Reviews, scores, sales and playtime - a Steam perspective

Will Metacritic affect your PC game's success?

Recently EEDAR´s Head of Insights, Patrick Walker, released an update in the ongoing debate on whether review scores, notably on Metacritic.com, has any influence on sales. The question is pertinent because, as Patrick notes: "common criticisms of the metric argue that game quality can't be summarized in a single score and that the metric has been misused by publishers as a measuring stick for incentives and business decisions." The debate resurfaces from time to time, for example touched upon on GamesBeat back in 2009, and more recently by Justin Baily from Double Fine, Warren Spector and on Ars Technica.

As part of an on-going project on exploring player behavior via the Steam platform (see e.g. here and here) we decided to run a quick correlation analysis across games on Steam, focusing on sales (game ownership) and a two different aggregate review/ranking scores. In addition, we wanted to explore if review scores correlated with the actual amount of time people spend playing games on Steam.

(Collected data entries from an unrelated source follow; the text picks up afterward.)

(* For every sufficiently large $n$, there exists a 3-uniform hypergraph $T$ with $10n$ vertices and $120n$ hyperedges, together with a set $Z\subseteq V(T)$ of $2n$ vertices, such that for any set $Z'\subseteq Z$ of $n$ vertices, the hypergraph obtained from $T$ by deleting the vertices of $Z'$ has a perfect matching.
   Context: A perfect matching of a hypergraph is a set of pairwise disjoint hyperedges covering all its vertices; deleting a vertex deletes it together with all hyperedges containing it. *)

From mathcomp Require Import all_boot.
Set Implicit Arguments. Unset Strict Implicit. Unset Printing Implicit Defensive.

Definition uniform (V : finType) (k : nat) (E : {set {set V}}) : Prop :=
  forall e, e \in E -> #|e| = k.

(* Hypergraph obtained by deleting the vertex set D: vertex set ~: D, and
   the hyperedges of E that avoid D. *)
Definition del_edges (V : finType) (E : {set {set V}}) (D : {set V}) : {set {set V}} :=
  [set e in E | [disjoint e & D]].

Definition perfect_matching (V : finType) (W : {set V}) (E : {set {set V}})
    (M : {set {set V}}) : Prop :=
  M \subset E /\ trivIset M /\ cover M = W.

Definition has_perfect_matching (V : finType) (W : {set V}) (E : {set {set V}}) : Prop :=
  exists M : {set {set V}}, perfect_matching W E M.

From mathcomp Require Import all_boot zify.
Set Implicit Arguments. Unset Strict Implicit. Unset Printing Implicit Defensive.

(* Take the vertices 0, ..., 10n - 1, let Z be the 2n multiples of 5, and let
   the hyperedges be all triples lying in four consecutive vertices (at most
   90n of them), padded with arbitrary triples up to 120n.  The deleted
   vertices are pairwise at distance >= 3, so among any three consecutive
   integers at least two survive; hence in the increasing enumeration of the
   9n surviving vertices the (i+2)-th is at most the i-th plus 3, and cutting
   that enumeration into consecutive blocks of three is a perfect matching. *)

Lemma leq_120n_bin n : 0 < n -> 120 * n <= 'C(10 * n, 3).
Proof.
move=> n_gt0; have := bin_ffact (10 * n) 3.
rewrite !ffactnS ffactn0 (_ : 3`! = 6) // muln1.
have : 9 * 8 <= (10 * n).-1 * (10 * n).-2 by rewrite leq_mul //; lia.
nia.
Qed.

Lemma subset_between (T : finType) (A B : {set T}) k :
  A \subset B -> #|A| <= k <= #|B| ->
  exists C : {set T}, [/\ A \subset C, C \subset B & #|C| = k].
Proof.
move=> AB /andP[Ak kB].
have /card_geqP[s [s_uniq s_size sBA]] : k - #|A| <= #|B :\: A|.
  by rewrite cardsDS //; lia.
have : [set x in s] \subset B :\: A by apply/subsetP => x; rewrite inE => /sBA.
rewrite subsetD disjoint_sym => /andP[sB As].
exists (A :|: [set x in s]); split; first exact: subsetUl.
  by rewrite subUset AB.
by rewrite cardsU (disjoint_setI0 As) cards0 cardsE (card_uniqP s_uniq) s_size; lia.
Qed.

Lemma sorted_val_enum N (A : {set 'I_N}) : sorted ltn (map val (enum A)).
Proof.
rewrite -[enum _](eq_filter (mem_enum _)) -(eq_filter (mem_map val_inj _)).
by rewrite -filter_map (sorted_filter ltn_trans) // unlock val_ord_enum iota_ltn_sorted.
Qed.

Lemma sorted_nth_add2_le (t : seq nat) i y1 y2 :
  sorted ltn t -> i < size t -> y1 \in t -> y2 \in t ->
  nth 0 t i < y1 < y2 -> nth 0 t i.+2 <= y2.
Proof.
rewrite ltn_sorted_uniq_leq => /andP[t_uniq t_sorted] it y1t y2t /andP[ty1 y12].
have index_mono : {in t &, forall x y, x < y -> index x t < index y t}.
  move=> x y xt yt; apply: contraTT; rewrite -!leqNgt.
  exact: (sorted_leq_index leq_trans leqnn t_sorted).
have := index_mono _ _ (mem_nth 0 it) y1t ty1.
have := index_mono _ _ y1t y2t y12.
rewrite index_uniq // -{2}(nth_index 0 y2t) => lt12 lti1.
have y2_idx : index y2 t < size t by rewrite index_mem.
by apply: (sorted_leq_nth leq_trans leqnn 0 t_sorted); rewrite ?inE ?index_mem //; lia.
Qed.

Definition apart3 N (D : {set 'I_N}) : Prop :=
  {in D &, forall u v : 'I_N, u < v -> u + 3 <= v}.

Lemma two_outside_apart3 N (D : {set 'I_N}) a : apart3 D -> a + 3 < N ->
  exists y1 y2 : 'I_N, [/\ a < y1 < y2, y2 <= a + 3, y1 \notin D & y2 \notin D].
Proof.
move=> D_apart aN.
have a1N : a + 1 < N by lia.
have a2N : a + 2 < N by lia.
pose y1 := Ordinal a1N; pose y2 := Ordinal a2N; pose y3 := Ordinal aN.
have notboth (u v : 'I_N) : u \in D -> u < v <= u + 2 -> v \notin D.
  by move=> uD uv; apply/negP => /(D_apart _ _ uD)/(_ _); lia.
have [y1D | y1D] := boolP (y1 \in D).
  by exists y2, y3; split => /=; try apply: (notboth y1) => //=; lia.
have [y2D | y2D] := boolP (y2 \in D).
  by exists y1, y3; split => //=; try apply: (notboth y2) => //=; lia.
by exists y1, y2; split => //=; lia.
Qed.

Lemma enum_nth_add2_le N (W : {set 'I_N}) i : apart3 (~: W) -> i.+2 < #|W| ->
  nth 0 (map val (enum W)) i.+2 <= nth 0 (map val (enum W)) i + 3.
Proof.
move=> apartC iW; set t := map val (enum W).
have t_size : size t = #|W| by rewrite size_map cardE.
have t_mem (y : 'I_N) : y \in W -> val y \in t by rewrite -mem_enum; apply: map_f.
have [//|lt_a3] := leqP (nth 0 t i.+2) (nth 0 t i + 3).
have cN : nth 0 t i.+2 < N.
  have /mapP[y _ ->] : nth 0 t i.+2 \in t by rewrite mem_nth ?t_size.
  exact: ltn_ord.
have [y1 [y2 [ay12 y2a]]] := two_outside_apart3 apartC (ltn_trans lt_a3 cN).
rewrite !inE !negbK => /t_mem y1t /t_mem y2t.
have it : i < size t by rewrite t_size; lia.
have := sorted_nth_add2_le (sorted_val_enum W) it y1t y2t ay12.
rewrite -/t /=; lia.
Qed.

Lemma index_div3_class (T : finType) (s : seq T) x :
  uniq s -> x \in s -> 3 %| size s ->
  exists2 j, j.+2 < size s &
    [set y in s | index x s %/ 3 == index y s %/ 3] =
    [set nth x s j; nth x s j.+1; nth x s j.+2].
Proof.
move=> s_uniq xs s3; have x_idx : index x s < size s by rewrite index_mem.
exists (3 * (index x s %/ 3)); first lia.
apply/setP => y; rewrite !inE; apply/idP/idP.
  case/andP => ys /eqP idx_y; rewrite -(nth_index x ys).
  have : index y s = 3 * (index x s %/ 3) \/ index y s = (3 * (index x s %/ 3)).+1 \/
         index y s = (3 * (index x s %/ 3)).+2 by lia.
  by case=> [|[]] ->; rewrite eqxx ?orbT.
by case/orP => [/orP[]|] /eqP ->; rewrite mem_nth ?index_uniq //=; lia.
Qed.

(* The 3-sets {x < y < z} with z <= x + 3.  A window_triple whose points fall
   outside 'I_N or coincide has fewer than 3 elements and is filtered out. *)
Definition window_triple N (p : 'I_N * 'I_3 * 'I_3) : {set 'I_N} :=
  let: (x, i, j) := p in [set y : 'I_N | val y \in [:: val x; x + i.+1; x + j.+1]].

Definition window_triples N : {set {set 'I_N}} :=
  [set e in [set window_triple p | p : 'I_N * 'I_3 * 'I_3] | #|e| == 3].

Lemma card_window_triples N : #|window_triples N| <= 9 * N.
Proof.
have sub_image : window_triples N \subset [set window_triple p | p : 'I_N * 'I_3 * 'I_3].
  by apply/subsetP => e; rewrite inE => /andP[].
apply: leq_trans (subset_leq_card sub_image) _.
apply: leq_trans (leq_imset_card _ _) _.
by rewrite !card_prod !card_ord; lia.
Qed.

Lemma mem_window_triples N (x y z : 'I_N) :
  x < y < z -> z <= x + 3 -> [set x; y; z] \in window_triples N.
Proof.
move=> /andP[xy yz] zx; rewrite inE; apply/andP; split.
  have yi : y - x - 1 < 3 by lia.
  have zi : z - x - 1 < 3 by lia.
  apply/imsetP; exists (x, Ordinal yi, Ordinal zi) => //.
  apply/setP => w; rewrite !inE -!val_eqE /=.
  have -> : x + (y - x - 1).+1 = y by lia.
  have -> : x + (z - x - 1).+1 = z by lia.
  by rewrite orbA.
rewrite setUC cardsU1 cards2 !inE -!val_eqE /=.
have /negPf-> : z != x :> nat by lia.
have /negPf-> : z != y :> nat by lia.
by have -> : x != y :> nat by lia.
Qed.

Lemma window_partition N (W : {set 'I_N}) : apart3 (~: W) -> 3 %| #|W| ->
  exists2 P, partition P W & P \subset window_triples N.
Proof.
move=> apartC W3.
exists (preim_partition (fun y => index y (enum W) %/ 3) W); first exact: preim_partitionP.
apply/subsetP => _ /imsetP[x xW ->].
have xs : x \in enum W by rewrite mem_enum.
have -> : [set y in W | index x (enum W) %/ 3 == index y (enum W) %/ 3] =
          [set y in enum W | index x (enum W) %/ 3 == index y (enum W) %/ 3].
  by apply/setP => y; rewrite !inE mem_enum.
have : 3 %| size (enum W) by rewrite -cardE.
case/(index_div3_class (enum_uniq W) xs) => j j_idx ->.
have lt_size k : k <= j.+2 -> k < size (enum W) by move/leq_ltn_trans; apply.
have val_nth k : k <= j.+2 -> val (nth x (enum W) k) = nth 0 (map val (enum W)) k.
  by move/lt_size => ?; rewrite (nth_map x).
have nth_lt := sorted_ltn_nth ltn_trans 0 (sorted_val_enum W).
apply: mem_window_triples; rewrite !val_nth ?nth_lt ?inE ?size_map ?lt_size //; try lia.
by apply: enum_nth_add2_le; rewrite // cardE.
Qed.

Lemma partition_perfect_matching (V : finType) (E P : {set {set V}}) (W : {set V}) :
  partition P W -> P \subset E -> has_perfect_matching W (del_edges E (~: W)).
Proof.
case/and3P => /eqP coverP trivP _ PE; exists P; split => //.
apply/subsetP => e eP; rewrite inE (subsetP PE) //= disjoints_subset setCK -coverP.
exact: bigcup_sup.
Qed.

Lemma window_hypergraph n : 0 < n ->
  exists E : {set {set 'I_(10 * n)}},
    [/\ window_triples (10 * n) \subset E, uniform 3 E & #|E| = 120 * n].
Proof.
move=> n_gt0.
have windows3 : window_triples (10 * n) \subset [set e : {set _} | #|e| == 3].
  by apply/subsetP => e; rewrite !inE => /andP[].
have [|E [windowsE E3 E_card]] := subset_between (k := 120 * n) windows3.
  have := card_window_triples (10 * n).
  by rewrite card_draws card_ord (leq_120n_bin n_gt0) andbT; lia.
by exists E; split => // e /(subsetP E3); rewrite inE => /eqP.
Qed.

Theorem lemma5p2 :
  exists N : nat, forall n : nat, N <= n ->
    exists (E : {set {set 'I_(10 * n)}}) (Z : {set 'I_(10 * n)}),
      [/\ uniform 3 E, #|E| = 120 * n, #|Z| = 2 * n &
        forall Z' : {set 'I_(10 * n)}, Z' \subset Z -> #|Z'| = n ->
          has_perfect_matching (~: Z') (del_edges E Z')].
Proof.
exists 1 => n n_gt0.
have [E [windowsE E_uniform E_card]] := window_hypergraph n_gt0.
have mul5_lt (j : 'I_(2 * n)) : 5 * j < 10 * n by have := ltn_ord j; lia.
exists E, [set Ordinal (mul5_lt j) | j : 'I_(2 * n)]; split => //.
  by rewrite card_imset ?card_ord // => i k [] /eqP; rewrite eqn_pmul2l // => /eqP /val_inj.
move=> Z' Z'Z Z'_card.
have [P partP PE] : exists2 P, partition P (~: Z') & P \subset window_triples (10 * n).
  apply: window_partition.
    rewrite setCK => u v /(subsetP Z'Z)/imsetP[i _ ->] /(subsetP Z'Z)/imsetP[k _ ->] /=.
    lia.
  have := cardsC Z'; rewrite card_ord Z'_card => ?.
  have -> : #|~: Z'| = 3 * (3 * n) by lia.
  exact: dvdn_mulr.
rewrite -[Z' in del_edges _ Z']setCK.
exact: partition_perfect_matching partP (subset_trans PE windowsE).
Qed.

Looking at playtime adds an interesting perspective to the debate about the potential relationship between review scores and sales: It is one thing to investigate sales and how these correlate with review scores - but do people actually play the games they buy? If our customers do not care to play the games we produce, there is at least a chance they will not be repeat customers, which is about as desirable as them not buying our games in the first instance ...

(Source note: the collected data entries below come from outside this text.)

(* Rotations preserve the class, so both sides may be averaged over them. *)
Lemma esum_decoLoc_class (D : tree -> R) a (Us : seq tree) : (forall t, 0 <= D t) ->
  (\esum_(ts in [set ts | perm_iso ts Us])
     (decoLoc p d B a (map (@mark S) ts) * \prod_(u <- ts) D u)%:E =
   \esum_(ts in [set ts | perm_iso ts Us])
     (bbLoc p d B a (map (@mark S) ts) * \prod_(u <- ts) D u)%:E)%E.
Proof.
move=> D0; have prod_ge0 ts : 0 <= \prod_(u <- ts) D u by apply: prodr_ge0.
case: Us => [|U Us'].
  rewrite (_ : [set ts | perm_iso ts [::]] = [set [::]]); last first.
    by apply/seteqP; split => ts /perm_iso_nil.
  by rewrite !esum_set1 ?lee_fin ?mulr_ge0 ?decoLoc_ge0 ?bbLoc_ge0 //= decoLoc_nil.
set Us := U :: Us'; set k := size Us; have k_gt0 : (0 < k)%N by [].
suff : (k%:R%:E * (\esum_(ts in [set ts | perm_iso ts Us])
          (decoLoc p d B a (map (@mark S) ts) * \prod_(u <- ts) D u)%:E) =
        k%:R%:E * (\esum_(ts in [set ts | perm_iso ts Us])
          (bbLoc p d B a (map (@mark S) ts) * \prod_(u <- ts) D u)%:E))%E.
  move/(congr1 (fun e => (k%:R^-1)%:E * e)%E).
  by rewrite !muleA -!EFinM mulVf ?pnatr_eq0 -?lt0n // !mul1e.
rewrite [LHS]mule_natl (_ : forall X : \bar R, X *+ k = \sum_(i < k) X)%E; last first.
  by move=> X; rewrite sumr_const card_ord.
under eq_bigr => i _ do rewrite (esum_perm_iso_rot i).
rewrite -esum_sum; last by move=> ts i _ _; rewrite lee_fin mulr_ge0 ?decoLoc_ge0.
rewrite -esumZl_EFin // => [|ts _]; last by rewrite lee_fin mulr_ge0 ?bbLoc_ge0.
apply: eq_esum => ts ts_Us; rewrite sumEFin -EFinM; congr _%:E.
have size_ts : size (map (@mark S) ts) = k by rewrite size_map (perm_iso_size ts_Us).
rewrite mulrA -size_ts -sum_decoLoc_rot ?size_ts // mulr_suml; apply: eq_bigr => i _.
by rewrite map_rot (perm_big _ (permEl (perm_rot i ts))).
Qed.

Lemma esum_bbLoc_class (D D' : tree -> R) a (Us : seq tree) :
  (forall t, 0 <= D t) -> (forall t, 0 <= D' t) ->
  (forall U, \esum_(u in [set u | tiso u U]) (D u)%:E =
             \esum_(u in [set u | tiso u U]) (D' u)%:E)%E ->
  (\esum_(ts in [set ts | perm_iso ts Us])
     (bbLoc p d B a (map (@mark S) ts) * \prod_(u <- ts) D u)%:E =
   \esum_(ts in [set ts | perm_iso ts Us])
     (bbLoc p d B a (map (@mark S) ts) * \prod_(u <- ts) D' u)%:E)%E.
Proof.
move=> D0 D'0 eq_class_sums.
have bbLoc_Us (F : tree -> R) ts : perm_iso ts Us ->
    ((bbLoc p d B a (map (@mark S) ts) * \prod_(u <- ts) F u)%:E =
     (bbLoc p d B a (map (@mark S) Us))%:E * (\prod_(u <- ts) F u)%:E)%E.
  by move=> ts_Us; rewrite (bbLoc_perm _ (perm_iso_marks ts_Us)) EFinM.
rewrite (eq_esum (bbLoc_Us D)) [RHS](eq_esum (bbLoc_Us D')).
rewrite !esumZl_EFin ?bbLoc_ge0 ?(eq_perm_iso_prod_sums D0 D'0 eq_class_sums) //.
- by move=> ts _; rewrite lee_fin prodr_ge0.
- by move=> ts _; rewrite lee_fin prodr_ge0.
Qed.

Lemma esum_tw_class n (T : tree) :
  (\esum_(t in [set t | tiso t T]) (tw (decoLoc p d B) n t)%:E =
   \esum_(t in [set t | tiso t T]) (tw (bbLoc p d B) n t)%:E)%E.
Proof.
elim: n T => [|n IH] [a Us]; first by apply: eq_esum => -[b ts].
have nodeE : set_bij [set ts | perm_iso ts Us] [set t | tiso t (Node a Us)] (Node a).
  split=> [ts ts_Us|ts us _ _ [] //|[b ts] /tisoE[-> ts_Us]]; last by exists ts.
  exact/tisoE.
rewrite !(reindex_esum _ _ _ _ nodeE) /= esum_decoLoc_class; last exact: tw_ge0 decoLoc_ge0 n.
by apply: esum_bbLoc_class => //; [exact: tw_ge0 decoLoc_ge0 n | exact: tw_ge0 bbLoc_ge0 n].
Qed.

Lemma tlaw_decoLoc_bbLoc x n (T : tree) :
  tlaw (decoLoc p d B) x n T = tlaw (bbLoc p d B) x n T.
Proof.
rewrite /tlaw; have [markT|markNT] := pselect (mark T = (x, true)).
  rewrite (_ : [set t | _ /\ _] = [set t | tiso t T]); first exact: esum_tw_class.
  by apply/seteqP; split=> t /= => [[]//|tT]; rewrite (tiso_mark tT).
rewrite (_ : [set t | _ /\ _] = set0) ?esum_set0 //.
by apply/seteqP; split=> t //= [markt tT]; apply: markNT; rewrite -(tiso_mark tT).
Qed.

End BranchingMarkovChain.

Theorem mainTheorem3 (R : realType) (S : countType)
  (p : S -> S -> R) (d : S -> nat -> R) (B : set S) (x : S) :
  (forall y z, 0 <= p y z) ->
  (forall y, (\esum_(z in [set: S]) (p y z)%:E = 1)%E) ->
  (forall y n, 0 <= d y n) ->
  (forall y, (\esum_(n in [set: nat]) (d y n)%:E = 1)%E) ->
  (forall y z, (green p d y z < +oo)%E) ->
  norming_region p d B ->
  (forall (n : nat) (T : mtree S),
      tlaw (decoLoc p d B) x n T = tlaw (bbLoc p d B) x n T)
  /\ enterB p d B x = 1%E.
Proof.
move=> p0 psum d0 dsum green_fin B_norming; split.
  by move=> n T; exact: tlaw_decoLoc_bbLoc.
exact: enterB1.
Qed.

"Looking at playtime adds an interesting perspective to the debate about the potential relationship between review scores and sales: It is one thing to investigate sales and how these correlate with review scores - but do people actually play the games they buy?"

The dataset we are using here consists of records from a bit over 3000 Steam titles (only full games were included, e.g. no demos), and over 6 million players (this corresponds to about 3.5 per cent of all Steam profiles, or about 8 per cent if related to the active accounts), covering a bit over 5 billion hours of playtime. The data are from the Spring 2014, and thus not up-to-date on any developments in the Fall.

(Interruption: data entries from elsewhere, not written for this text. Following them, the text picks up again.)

Lemma walk_vertex_surj y : exists p, walk_vertex p = y.
Proof.
have closed_walk : closed e on_walk.
  by move=> a b ab; apply/idP/idP; apply: on_walk_nbr; rewrite // e_sym.
have : rimv 0 \in on_walk by exact: rimv_on_walk.
rewrite (closed_connect closed_walk (e_conn (rimv 0) y)) unfold_in.
by case/existsP => i /orP[] /eqP <-; [exists (ord0, i) | exists (ord_max, i)].
Qed.

Lemma rimv_eq_mod a b : rimv a = rimv b -> a %% period = b %% period.
Proof. by move/rimv_walk/walk_eq_mod. Qed.

Lemma apex_rimv_adj (i j : 'I_period) :
  e (apex i) (rimv j) = (j == i :> nat) || (j == i.+1 %% period :> nat).
Proof.
have [_ _ vs sv [_ _ nbr _]] := walk_local i.
apply/idP/orP => [/nbr [] /rimv_eq_mod|[/eqP/val_inj -> | /eqP ->]].
- by rewrite (modn_small (ltn_ord j)) (modn_small (ltn_ord i)) => ->; left.
- by rewrite (modn_small (ltn_ord j)) => ->; right.
- by rewrite e_sym.
- by rewrite -rimv_mod.
Qed.

Lemma rimv_rimv_adj (i j : 'I_period) :
  e (rimv i) (rimv j) =
  (j == i.+1 %% period :> nat) && rim_edge i || (i == j.+1 %% period :> nat) && rim_edge j.
Proof.
apply/idP/orP => [ij|[] /andP[/eqP -> edge]]; last 2 first.
- by rewrite -rimv_mod.
- by rewrite e_sym -rimv_mod.
have [n wn] := walk_prev i.
have rimv_n : rimv n.+1 = rimv i by rewrite /rimv wn.
have [fj _ _ _ _] := walk_local j.
move: (ij); rewrite -rimv_n => /(rimv_nbr fj) [jn|jn2].
- have wj1 : walk j.+1 = walk n.+1 by rewrite !walkS (rimv_walk jn).
  have ij1 : rimv j.+1 = rimv i by rewrite -rimv_n /rimv wj1.
  right; rewrite /rim_edge ij1 e_sym ij andbT.
  by have := rimv_eq_mod ij1; rewrite (modn_small (ltn_ord i)) => ->.
- have wn2 : walk n.+2 = walk i.+1 by rewrite !walkS -walkS wn.
  have ij1 : rimv j = rimv i.+1 by rewrite jn2 /rimv wn2.
  left; rewrite /rim_edge -ij1 ij andbT.
  by have := rimv_eq_mod ij1; rewrite (modn_small (ltn_ord j)) => ->.
Qed.

Lemma walk_vertex_rel p q :
  e (walk_vertex p) (walk_vertex q) = tricycle period rim_edge p q.
Proof.
case: p q => [[[|[|?]] ?] i] [[[|[|?]] ?] j] //;
  rewrite /walk_vertex /tricycle /tricycle_adj /= ?orbF ?andbF ?orbF.
- exact: rimv_rimv_adj.
- by rewrite e_sym apex_rimv_adj.
- exact: apex_rimv_adj.
- have [_ fi _ _ _] := walk_local i; have [_ fj _ _ _] := walk_local j.
  exact: negbTE (blank_indep f_oi2rd fi fj).
Qed.

Lemma walk_tricycle : isomorphic e (tricycle period rim_edge).
Proof.
apply: isomorphic_sym; exists walk_vertex; split; last by move=> p q; rewrite walk_vertex_rel.
exact: inj_surj_bij walk_vertex_inj walk_vertex_surj.
Qed.

Lemma label_alternates n : f (rimv n.+1) != f (rimv n).
Proof.
have [fv fs _ _ [_ _ nbr _]] := walk_local n.
apply/eqP => eq_label; have /cards1P [l fl] : #|f (rimv n)| == 1 by rewrite label1.
have [l' l'l] : exists l' : 'I_2, l' != l.
  by exists (if l == ord0 then ord_max else ord0); case: l {fl} => [[|[|?]] ?].
have : l' \in \bigcup_(u | e (apex n) u) f u by rewrite (blank_cover f_oi2rd fs) inE.
case/bigcupP => u /nbr [] ->; rewrite ?eq_label fl inE => /eqP eq_l';
  by rewrite eq_l' eqxx in l'l.
Qed.

Lemma set1_I2_eq (A B C : {set 'I_2}) :
  #|A| = 1 -> #|B| = 1 -> #|C| = 1 -> A != B -> C != B -> A = C.
Proof.
move=> /eqP/cards1P [a ->] /eqP/cards1P [b ->] /eqP/cards1P [c ->].
rewrite !(inj_eq set1_inj) => ab cb; congr [set _].
by case: a b c ab cb => [[|[|?]] ?] [[|[|?]] ?] [[|[|?]] ?]; rewrite -!val_eqE //= => *;
  apply: val_inj.
Qed.

Lemma label_rimv_double q : f (rimv q.*2) = f (rimv 0).
Proof.
elim: q => [//|q <-]; rewrite doubleS.
have [fq _ _ _ _] := walk_local q.*2; have [fq1 _ _ _ _] := walk_local q.*2.+1.
have [fq2 _ _ _ _] := walk_local q.*2.+2.
apply: (set1_I2_eq (B := f (rimv q.*2.+1))); rewrite ?label1 ?label_alternates //.
by rewrite eq_sym label_alternates.
Qed.

Lemma period_even : ~~ odd period.
Proof.
apply/negP => odd_p; have := label_alternates period./2.*2.
have -> : period./2.*2.+1 = 0 + period by rewrite -[in RHS](odd_double_half period) odd_p.
by rewrite {1}/rimv walk_period label_rimv_double eqxx.
Qed.

End Walk.

(* If some rim edge is missing, start the walk right after it so that it
   becomes the last rim edge; this puts the graph in G1, otherwise in G3. *)
Lemma extremal_tricycle : (exists s, blank f s) ->
  exists m h, [/\ 0 < m, ~~ odd m, isomorphic e (tricycle m h) &
                  (forall i, i < m -> h i) \/ ~~ h m.-1].
Proof.
case=> s fs.
have [/existsP [d /andP[dd no_edge]] | /existsPn all_edges] :=
  boolP [exists d, dart d && ~~ e d.1 (next_dart d).1].
  have d0_dart := next_dart_dart dd.
  exists (period (next_dart d)), (rim_edge (next_dart d)); split;
    [exact: period_gt0 | exact: period_even | exact: walk_tricycle | right].
  have p_pred : (period (next_dart d)).-1.+1 = period (next_dart d) by rewrite prednK ?period_gt0.
  have w_last : walk (next_dart d) (period (next_dart d)) = next_dart d.
    by rewrite -[period _]add0n walk_period.
  have w_pred : walk (next_dart d) (period (next_dart d)).-1 = d.
    by apply: next_dart_inj; rewrite -walkS p_pred w_last.
  by rewrite /rim_edge p_pred /rimv w_last w_pred.
have [u su] : exists u, e s u.
  have : 0 < #|[set u | e s u]| by rewrite blank_deg2.
  by rewrite card_gt0 => /set0Pn [u]; rewrite inE; exists u.
have fu : ~~ blank f u by apply: contraL su; exact: blank_indep.
have d0_dart : dart (u, s) by rewrite /dart /= fu fs e_sym.
exists (period (u, s)), (rim_edge (u, s)); split;
  [exact: period_gt0 | exact: period_even | exact: walk_tricycle | left].
move=> i _; have := all_edges (walk (u, s) i).
by rewrite walk_dart //= negbK /rim_edge /rimv walkS.
Qed.

End ExtremalStructure.

Theorem theorem1 (T : finType) (e : rel T)
  (e_sym : symmetric e) (e_irr : irreflexive e)
  (T_nonempty : 0 < #|T|) (e_conn : connected e) (e_cf : claw_free e) :
  #|T| <= 2 * gamma_oir2 e /\ (2 * gamma_oir2 e = #|T| <-> in_family e).
Proof.
have lower : #|T| <= 2 * gamma_oir2 e.
  by have [f ef <-] := gamma_oir2_attained e; exact: weight_lower_bound.
split=> //; split=> [tight|family_e]; last first.
  apply/eqP; rewrite eqn_leq lower andbT.
  have [m [h [m_gt0 even_m iso_e]]] := family_tricycle family_e.
  exact: (tricycle_gamma_upper m_gt0 even_m iso_e).
have [f ef weight_f] := gamma_oir2_attained e; rewrite -weight_f in tight.
have [label1 blank_deg2 blank_nbrs2] := extremal_labelling e_sym e_cf ef tight.
have blank_ex : exists s, blank f s.
  apply/existsP; apply: contraLR T_nonempty => /existsPn all_labelled.
  have : weight f = #|T|.
    by rewrite -sum1_card /weight; apply: eq_bigr => v _; rewrite label1.
  by move: tight => /[swap] ->; lia.
have [m [h [m_gt0 even_m iso_e hm]]] :=
  extremal_tricycle e_sym e_irr e_cf e_conn ef label1 blank_deg2 blank_nbrs2 blank_ex.
exact: tricycle_family m_gt0 even_m iso_e hm.
Qed.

There are some assumptions in using data from Steam - for example some uncertainties about how Valve tracks playtime. For a breakdown, see here (scroll down to "limitations and caveats"). It should be noted that any analyses on the topic of game sales - which is shown clearly in the debate on the topic - needs to make some assumptions and estimates when it comes to sales figures. This adds some uncertainty, but is hard to avoid given the confidentiality of sales figures.

The good thing about game ownership data from Steam is that we do not have to make any sales estimates based on collecting information from a variety of sources, with all the potential sources of error and bias that risks imposing on the data. Working on a platform like Steam means that the sales data (ownership) are readily available, and we can account for free games, demos, etc. Note that how the game got there - for example whether the user in question bought it or if it was a gift from a friend, is not immediately obvious. On the negative side, we only have data from Steam sales, not e.g. mobile platforms.

"It is important to note that we are not specifically looking at correlations for high-ranking, low-ranking etc. games, but general correlations across the entire scale of reviews"

It is important to note that we are not specifically looking at correlations for high-ranking, low-ranking etc. games, but general correlations across the entire scale of reviews. We will publish some results on low vs. high-ranking games later.

Finally, it should be mentioned that the work presented here, and all previous analyses on the topic of reviews scores and sales, including EEDARs, is correlational in nature. This means that no causal relationships can be identified, only speculated about.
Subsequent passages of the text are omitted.